Subsequently these individuals incomes shrink drastically,
but the property taxes continue to escalate as these local and state
jurisdictions need to get more money to support poor fiscal spending policies,
and eventually homeowners have to sell their homes because they cannot afford a
decade`s worth of property taxes.
Fortunes Acquired Elsewhere Often Get
Lost in Real Estate Market Crashes
The more expensive the real estate the higher the taxes
which when the tide goes out in the economy, and people become overextended,
then they have to start dumping real estate, and inevitably there is a huge
margin call that runs through all financial assets, and hits real estate
especially hard.
Many multi-millionaires have lost most of their net worth
mainly due to an overextension on real estate when times are good to find that
the haircut on these properties when they need to sell via a fire sale just
cripples them financially.
The dynamic is as follows: They need to sell, but there are
many people in this boat, the few buyers out there get spooked, prices fall
sharply, but they still need to sell, so these sellers are forced to take 50 to
60% losses on these properties. There goes all the stored wealth like a
vanishing mirage that the investors were trying to protect by investing in hard
assets – it is really a vicious, pernicious cycle that repeats itself over and
over in the real estate market.
Foreigners Not Exempt
This applies to foreign buyers as well, when they need the
money during a reset in other financial areas, they are not going to be able to
afford the property taxes on these properties, and local jurisdictions
constantly needing more money, and effectively raising these property taxes
every year, only makes the problem worse, and sets up the future drivers for
the inevitable crash in real estate. Ironically, this results in the local
jurisdictions not collecting any taxes at all on the properties for substantial
time periods.
Therefore, many foreigners who think that real estate in
first world countries are safe and secure wealth storage vehicles when they buy
at the top of the market with these offshoring strategies can lose 60% and more
of their net worth in a market crash.
This is one of the downfalls of all cash transactions when
buying real estate at elevated market levels. Investors can walk away from
mortgages like they did in 2007, but with 20 and 30% down payments to secure loans
these days from banks; it is still a substantial loss for investors on any
market re-set.
Foreigners all hiding money away in these properties are in
for a rude surprise when they calculate their future tax obligations over just
a ten year period. These people may or may not be able to afford the real
estate on a long-term basis, but most of these people will definitely not be
able to afford the property taxes on these purchases on a long-term basis
without a consistent, perpetual revenue stream.

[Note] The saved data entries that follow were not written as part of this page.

(* Let $\tau$ be any legal execution of $\Pi$, starting from $C_0$, which contains exactly two transactions: - client $c_w$ invokes the write-only transaction $T_w=(w(X_0)x_0,w(X_1)x_1)$; - a client $c_r\neq c_w$ invokes the read-only transaction $T_r=(r(X_0)*,r(X_1)* )$, which completes in $\tau$. Let $v_0,v_1$ be the values that $c_r$ returns for $X_0$ and $X_1$. Then either ($v_0=x_0$ and $v_1=x_1$) or ($v_0=x_0^{in}$ and $v_1=x_1^{in}$).
   Context: System model. The system is asynchronous and message-passing, with clients and servers connected by reliable links. Events are computation steps (a process reads all its incoming messages, computes, and sends at most one message to each other process) and message deliveries, scheduled by an adversary. An execution is legal from $C$ if every step follows the state machines and every sent message is eventually received. Clients communicate only with servers, and servers send to a client only responses to its requests. A transaction $T=(R_T,W_T)$ is static. Here $r(X)*$ denotes a read of $X$ with unspecified result, and $w(X)x$ a write of value $x$ to $X$. Standing assumption. There are two servers, $p_0$ storing object $X_0$ and $p_1$ storing object $X_1$. $\Pi$ is an implementation that is causally consistent (in the standard transactional sense: for each client there is a sequential execution equivalent to the committed history that respects a causal order and in which that client's transactions read legally). $\Pi$ supports multi-object write transactions and fast read-only transactions: - a read-only transaction's client sends all its requests in one step; - each server answers in at most one step; - each server-to-client message contains only one written value, of an object stored at that server. $\Pi$ also guarantees minimal progress for write-only transactions: a write-only transaction executing solo from a reachable quiescent configuration eventually makes its values visible. Configurations. Every execution starts with $T_0^{in}=(w(X_0)x_0^{in})$ by client $c_0^{in}$ and $T_1^{in}=(w(X_1)x_1^{in})$ by client $c_1^{in}$. $Q_0$ is a reachable configuration in which $x_0^{in}$ and $x_1^{in}$ are visible. From $Q_0$, a client $c_w\notin\{c_0^{in},c_1^{in}\}$ executes the read-only transaction $T_r^{in}=(r(X_0)*,r(X_1)* )$, which returns $(x_0^{in},x_1^{in})$. $C_0$ is the configuration in which $T_r^{in}$ has completed and no message is in transit. Visibility. A value $x$ written to $X$ is visible in a reachable configuration $C$ (quiescent, or with only a write-only transaction by $c_w$ writing $x$ active) if every legal execution from $C$ containing just one read-only transaction reading $X$, by a client not in $\{c_w,c_0^{in},c_1^{in}\}$, returns $x$ for $X$. *)

(* An abstract model of an asynchronous message-passing
   key-value store with two servers p_0 (storing X_0) and p_1 (storing X_1)
   and clients identified by natural numbers.  Objects are encoded as bool:
   false = X_0, true = X_1. *)
From Stdlib Require Import List Arith Permutation.
Import ListNotations.
Set Implicit Arguments.

Inductive proc : Type := Srv (o : bool) | Cli (c : nat).

Definition proc_eq_dec (p q : proc) : {p = q} + {p <> q}.
Proof. decide equality; [apply Bool.bool_dec | apply Nat.eq_dec]. Defined.

(* A static transaction T = (R_T, W_T) over the two objects:
   rd0/rd1 = does T read X_0/X_1;  wr0/wr1 = value written to X_0/X_1, if any. *)
Record txn (V : Type) : Type := Txn
  { rd0 : bool; rd1 : bool; wr0 : option V; wr1 : option V }.
Arguments Txn {V}.

Definition rdo V (T : txn V) (o : bool) : bool := if o then rd1 T else rd0 T.
Definition wro V (T : txn V) (o : bool) : option V := if o then wr1 T else wr0 T.
Definition read_only V (T : txn V) : Prop := wr0 T = None /\ wr1 T = None.
Definition write_only V (T : txn V) : Prop := rd0 T = false /\ rd1 T = false.

Definition Trd {V : Type} : txn V := Txn true true None None.
Definition Tw {V : Type} (x0 x1 : V) : txn V := Txn false false (Some x0) (Some x1).
Definition Tw0 {V : Type} (x : V) : txn V := Txn false false (Some x) None.
Definition Tw1 {V : Type} (x : V) : txn V := Txn false false None (Some x).

Definition resp (V : Type) : Type := (option V * option V)%type.
Definition resp_at V (r : resp V) (o : bool) : option V := if o then snd r else fst r.

Record impl (V : Type) : Type := Impl {
  Msg : Type;
  St : Type;
  init_st : proc -> St;
  invoke : St -> txn V -> St;
  (* a computation step: from the local state and all incoming messages,
     compute the new state, the messages sent (destination, message), and
     possibly a response to the pending transaction (meaningful for clients) *)
  stp : proc -> St -> list (proc * Msg) -> St * list (proc * Msg) * option (resp V);
  (* the written value carried by a message, if any (used to state the
     one-version property of server-to-client messages) *)
  mval : Msg -> option V }.

Record config V (I : impl V) : Type := Config {
  st : proc -> St I;
  transit : list (proc * proc * Msg I);      (* (source, destination, msg) *)
  inbox : proc -> list (proc * Msg I);       (* delivered, not yet read *)
  pend : nat -> option (txn V) }.
Arguments Config {V I}.

Inductive ev V (I : impl V) : Type :=
| EStep (p : proc) (rcv : list (proc * Msg I)) (sends : list (proc * Msg I))
        (out : option (resp V))
| EDeliv (src dst : proc) (m : Msg I)
| EInv (c : nat) (T : txn V).
Arguments EStep {V I}.
Arguments EDeliv {V I}.
Arguments EInv {V I}.

Definition upd {A : Type} (f : proc -> A) (p : proc) (a : A) : proc -> A :=
  fun q => if proc_eq_dec q p then a else f q.
Definition updn {A : Type} (f : nat -> A) (c : nat) (a : A) : nat -> A :=
  fun d => if Nat.eq_dec d c then a else f d.

Definition eff_out V (I : impl V) (C : config I) (p : proc) (out : option (resp V))
  : option (resp V) :=
  match p with
  | Cli c => match pend C c with Some _ => out | None => None end
  | Srv _ => None
  end.

Definition new_pend V (I : impl V) (C : config I) (p : proc) (out : option (resp V))
  : nat -> option (txn V) :=
  match p, eff_out C p out with
  | Cli c, Some _ => updn (pend C) c None
  | _, _ => pend C
  end.

Inductive estep V (I : impl V) : config I -> ev I -> config I -> Prop :=
| ES_step (C : config I) p s' sends out :
    stp I p (st C p) (inbox C p) = (s', sends, out) ->
    estep C (EStep p (inbox C p) sends (eff_out C p out))
      (Config (upd (st C) p s')
              (transit C ++ map (fun qm => (p, fst qm, snd qm)) sends)
              (upd (inbox C) p [])
              (new_pend C p out))
| ES_deliv (C : config I) pre post src dst m :
    transit C = pre ++ (src, dst, m) :: post ->
    estep C (EDeliv src dst m)
      (Config (st C) (pre ++ post) (upd (inbox C) dst (inbox C dst ++ [(src, m)]))
              (pend C))
| ES_inv (C : config I) c T :
    pend C c = None ->
    estep C (EInv c T)
      (Config (upd (st C) (Cli c) (invoke I (st C (Cli c)) T)) (transit C) (inbox C)
              (updn (pend C) c (Some T))).

Inductive exec V (I : impl V) : config I -> list (ev I) -> config I -> Prop :=
| X_nil (C : config I) : exec C [] C
| X_cons (C C1 C2 : config I) e E : estep C e C1 -> exec C1 E C2 -> exec C (e :: E) C2.

Definition init_config V (I : impl V) : config I :=
  Config (init_st I) [] (fun _ => []) (fun _ => None).

Definition quiescent V (I : impl V) (C : config I) : Prop :=
  transit C = [] /\ forall c, pend C c = None.

Fixpoint inv_list V (I : impl V) (E : list (ev I)) : list (nat * txn V) :=
  match E with
  | [] => []
  | EInv c T :: E' => (c, T) :: inv_list E'
  | _ :: E' => inv_list E'
  end.

Definition is_resp_of V (I : impl V) (c : nat) (e : ev I) : option (resp V) :=
  match e with
  | EStep (Cli d) _ _ (Some r) => if Nat.eq_dec d c then Some r else None
  | _ => None
  end.

Definition no_resp_between V (I : impl V) (E : list (ev I)) (c i k : nat) : Prop :=
  forall k', i < k' < k ->
    match nth_error E k' with Some e => is_resp_of c e = None | None => True end.

Definition completes_at V (I : impl V) (E : list (ev I)) (i j : nat) (r : resp V) : Prop :=
  exists c T, nth_error E i = Some (EInv c T) /\ i < j /\
    match nth_error E j with Some e => is_resp_of c e = Some r | None => False end /\
    no_resp_between E c i j.

Definition completes V (I : impl V) (E : list (ev I)) (i : nat) (r : resp V) : Prop :=
  exists j, completes_at E i j r.

Definition in_window V (I : impl V) (E : list (ev I)) (c i k : nat) : Prop :=
  i < k /\ no_resp_between E c i k.

Definition writes V (I : impl V) (E : list (ev I)) (j : nat) (o : bool) (v : V) : Prop :=
  exists c T, nth_error E j = Some (EInv c T) /\ wro T o = Some v.
Definition writes_obj V (I : impl V) (E : list (ev I)) (j : nat) (o : bool) : Prop :=
  exists v, writes E j o v.

Definition before (S : list nat) (i j : nat) : Prop :=
  exists p q, p < q /\ nth_error S p = Some i /\ nth_error S q = Some j.

(* K = committed transactions (all completed ones, possibly some pending ones);
   co = causal order (transitive, contains process order and reads-from);
   for each client a serialization of the committed transactions respecting
   co in which that client's transactions read legally. *)
Definition causally_consistent V (I : impl V) (E : list (ev I)) : Prop :=
  exists (K : nat -> Prop) (co : nat -> nat -> Prop),
    (forall i, K i -> exists c T, nth_error E i = Some (EInv c T)) /\
    (forall i r, completes E i r -> K i) /\
    (forall i j k, co i j -> co j k -> co i k) /\
    (forall i j c T T', K i -> K j -> i < j ->
        nth_error E i = Some (EInv c T) -> nth_error E j = Some (EInv c T') -> co i j) /\
    (forall i c T r o v, K i -> nth_error E i = Some (EInv c T) -> completes E i r ->
        rdo T o = true -> resp_at r o = Some v ->
        exists j, K j /\ j <> i /\ writes E j o v /\ co j i) /\
    (forall c, exists S : list nat,
        NoDup S /\ (forall i, In i S <-> K i) /\
        (forall i j, K i -> K j -> co i j -> before S i j) /\
        (forall i T r o, nth_error E i = Some (EInv c T) -> completes E i r ->
           rdo T o = true ->
           exists v j, resp_at r o = Some v /\ before S j i /\ writes E j o v /\
             forall k, before S j k -> before S k i -> ~ writes_obj E k o)).

Definition wf_impl V (I : impl V) : Prop :=
  forall p s rcv s' sends out, stp I p s rcv = (s', sends, out) ->
    NoDup (map fst sends) /\ ~ In p (map fst sends) /\
    (forall c q, p = Cli c -> In q (map fst sends) -> exists o, q = Srv o).

Fixpoint nsent V (I : impl V) (s c : proc) (E : list (ev I)) : nat :=
  match E with
  | [] => 0
  | EStep p _ sends _ :: E' =>
      (if proc_eq_dec p s then
         if in_dec proc_eq_dec c (map fst sends) then 1 else 0 else 0) + nsent s c E'
  | _ :: E' => nsent s c E'
  end.

Fixpoint nread V (I : impl V) (s c : proc) (E : list (ev I)) : nat :=
  match E with
  | [] => 0
  | EStep p rcv _ _ :: E' =>
      (if proc_eq_dec p s then count_occ proc_eq_dec (map fst rcv) c else 0)
      + nread s c E'
  | _ :: E' => nread s c E'
  end.

(* servers send to a client only responses to its requests: each step in
   which a server sends to client c answers a distinct request of c read so far *)
Definition srv_only_responds V (I : impl V) (E : list (ev I)) : Prop :=
  forall k o rcv sends out c, nth_error E k = Some (EStep (Srv o) rcv sends out) ->
    In (Cli c) (map fst sends) ->
    nsent (Srv o) (Cli c) (firstn (S k) E) <= nread (Srv o) (Cli c) (firstn (S k) E).

Definition fast_rot V (I : impl V) (E : list (ev I)) : Prop :=
  forall i c T, nth_error E i = Some (EInv c T) -> read_only T ->
  (forall k1 k2 rcv1 s1 o1 rcv2 s2 o2,
      in_window E c i k1 -> in_window E c i k2 ->
      nth_error E k1 = Some (EStep (Cli c) rcv1 s1 o1) ->
      nth_error E k2 = Some (EStep (Cli c) rcv2 s2 o2) ->
      s1 <> [] -> s2 <> [] -> k1 = k2) /\
  (forall o k1 k2 rcv1 s1 o1 rcv2 s2 o2,
      in_window E c i k1 -> in_window E c i k2 ->
      nth_error E k1 = Some (EStep (Srv o) rcv1 s1 o1) ->
      nth_error E k2 = Some (EStep (Srv o) rcv2 s2 o2) ->
      In (Cli c) (map fst s1) -> In (Cli c) (map fst s2) -> k1 = k2) /\
  (forall o k rcv s out,
      in_window E c i k -> nth_error E k = Some (EStep (Srv o) rcv s out) ->
      In (Cli c) (map fst rcv) -> In (Cli c) (map fst s)) /\
  (forall r o v, completes E i r -> rdo T o = true -> resp_at r o = Some v ->
      exists k rcv s out m, in_window E c i k /\
        nth_error E k = Some (EStep (Cli c) rcv s out) /\
        In (Srv o, m) rcv /\ mval I m = Some v).

Definition one_version V (I : impl V) (E : list (ev I)) : Prop :=
  forall k o rcv sends out c m v,
    nth_error E k = Some (EStep (Srv o) rcv sends out) -> In (Cli c, m) sends ->
    mval I m = Some v -> exists j, j < k /\ writes E j o v.

(* x written to X_o is visible in C: every legal execution from C containing
   just one read-only transaction, reading X_o, by a client not in
   {cx, c0in, c1in}, returns x for X_o.  (Legal: every sent message is
   eventually received, i.e. nothing is left in transit.) *)
Definition visible V (I : impl V) (c0in c1in cx : nat) (o : bool) (x : V)
  (C : config I) : Prop :=
  forall E (C' : config I) i c T r,
    exec C E C' -> transit C' = [] ->
    inv_list E = [(c, T)] -> read_only T -> rdo T o = true ->
    c <> cx -> c <> c0in -> c <> c1in ->
    nth_error E i = Some (EInv c T) -> completes E i r ->
    resp_at r o = Some x.

Definition solo_ev V (I : impl V) (c : nat) (e : ev I) : Prop :=
  match e with
  | EInv _ _ => False
  | EStep (Cli d) _ _ _ => d = c
  | _ => True
  end.

Definition min_progress V (I : impl V) (c0in c1in : nat) : Prop :=
  forall E (C : config I) c T,
    exec (init_config I) E C -> quiescent C -> write_only T ->
    exists E' (C' : config I),
      exec C (EInv c T :: E') C' /\ (forall e, In e E' -> solo_ev c e) /\
      forall o x, wro T o = Some x -> visible c0in c1in c o x C'.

Likewise, since many of these financial resources were
acquired in less than legitimate ways, these revenue streams are not
consistently perpetual in nature which is required to meet perpetually
consistent tax obligations at elevated levels on expensive real estate.
Affordability Issues
The other problem is that property prices in several parts
of the country are too high relative to incomes, think in terms of the two
coasts, but there are many other areas as well. This means consumers are paying
too high a percentage of their disposable income on housing.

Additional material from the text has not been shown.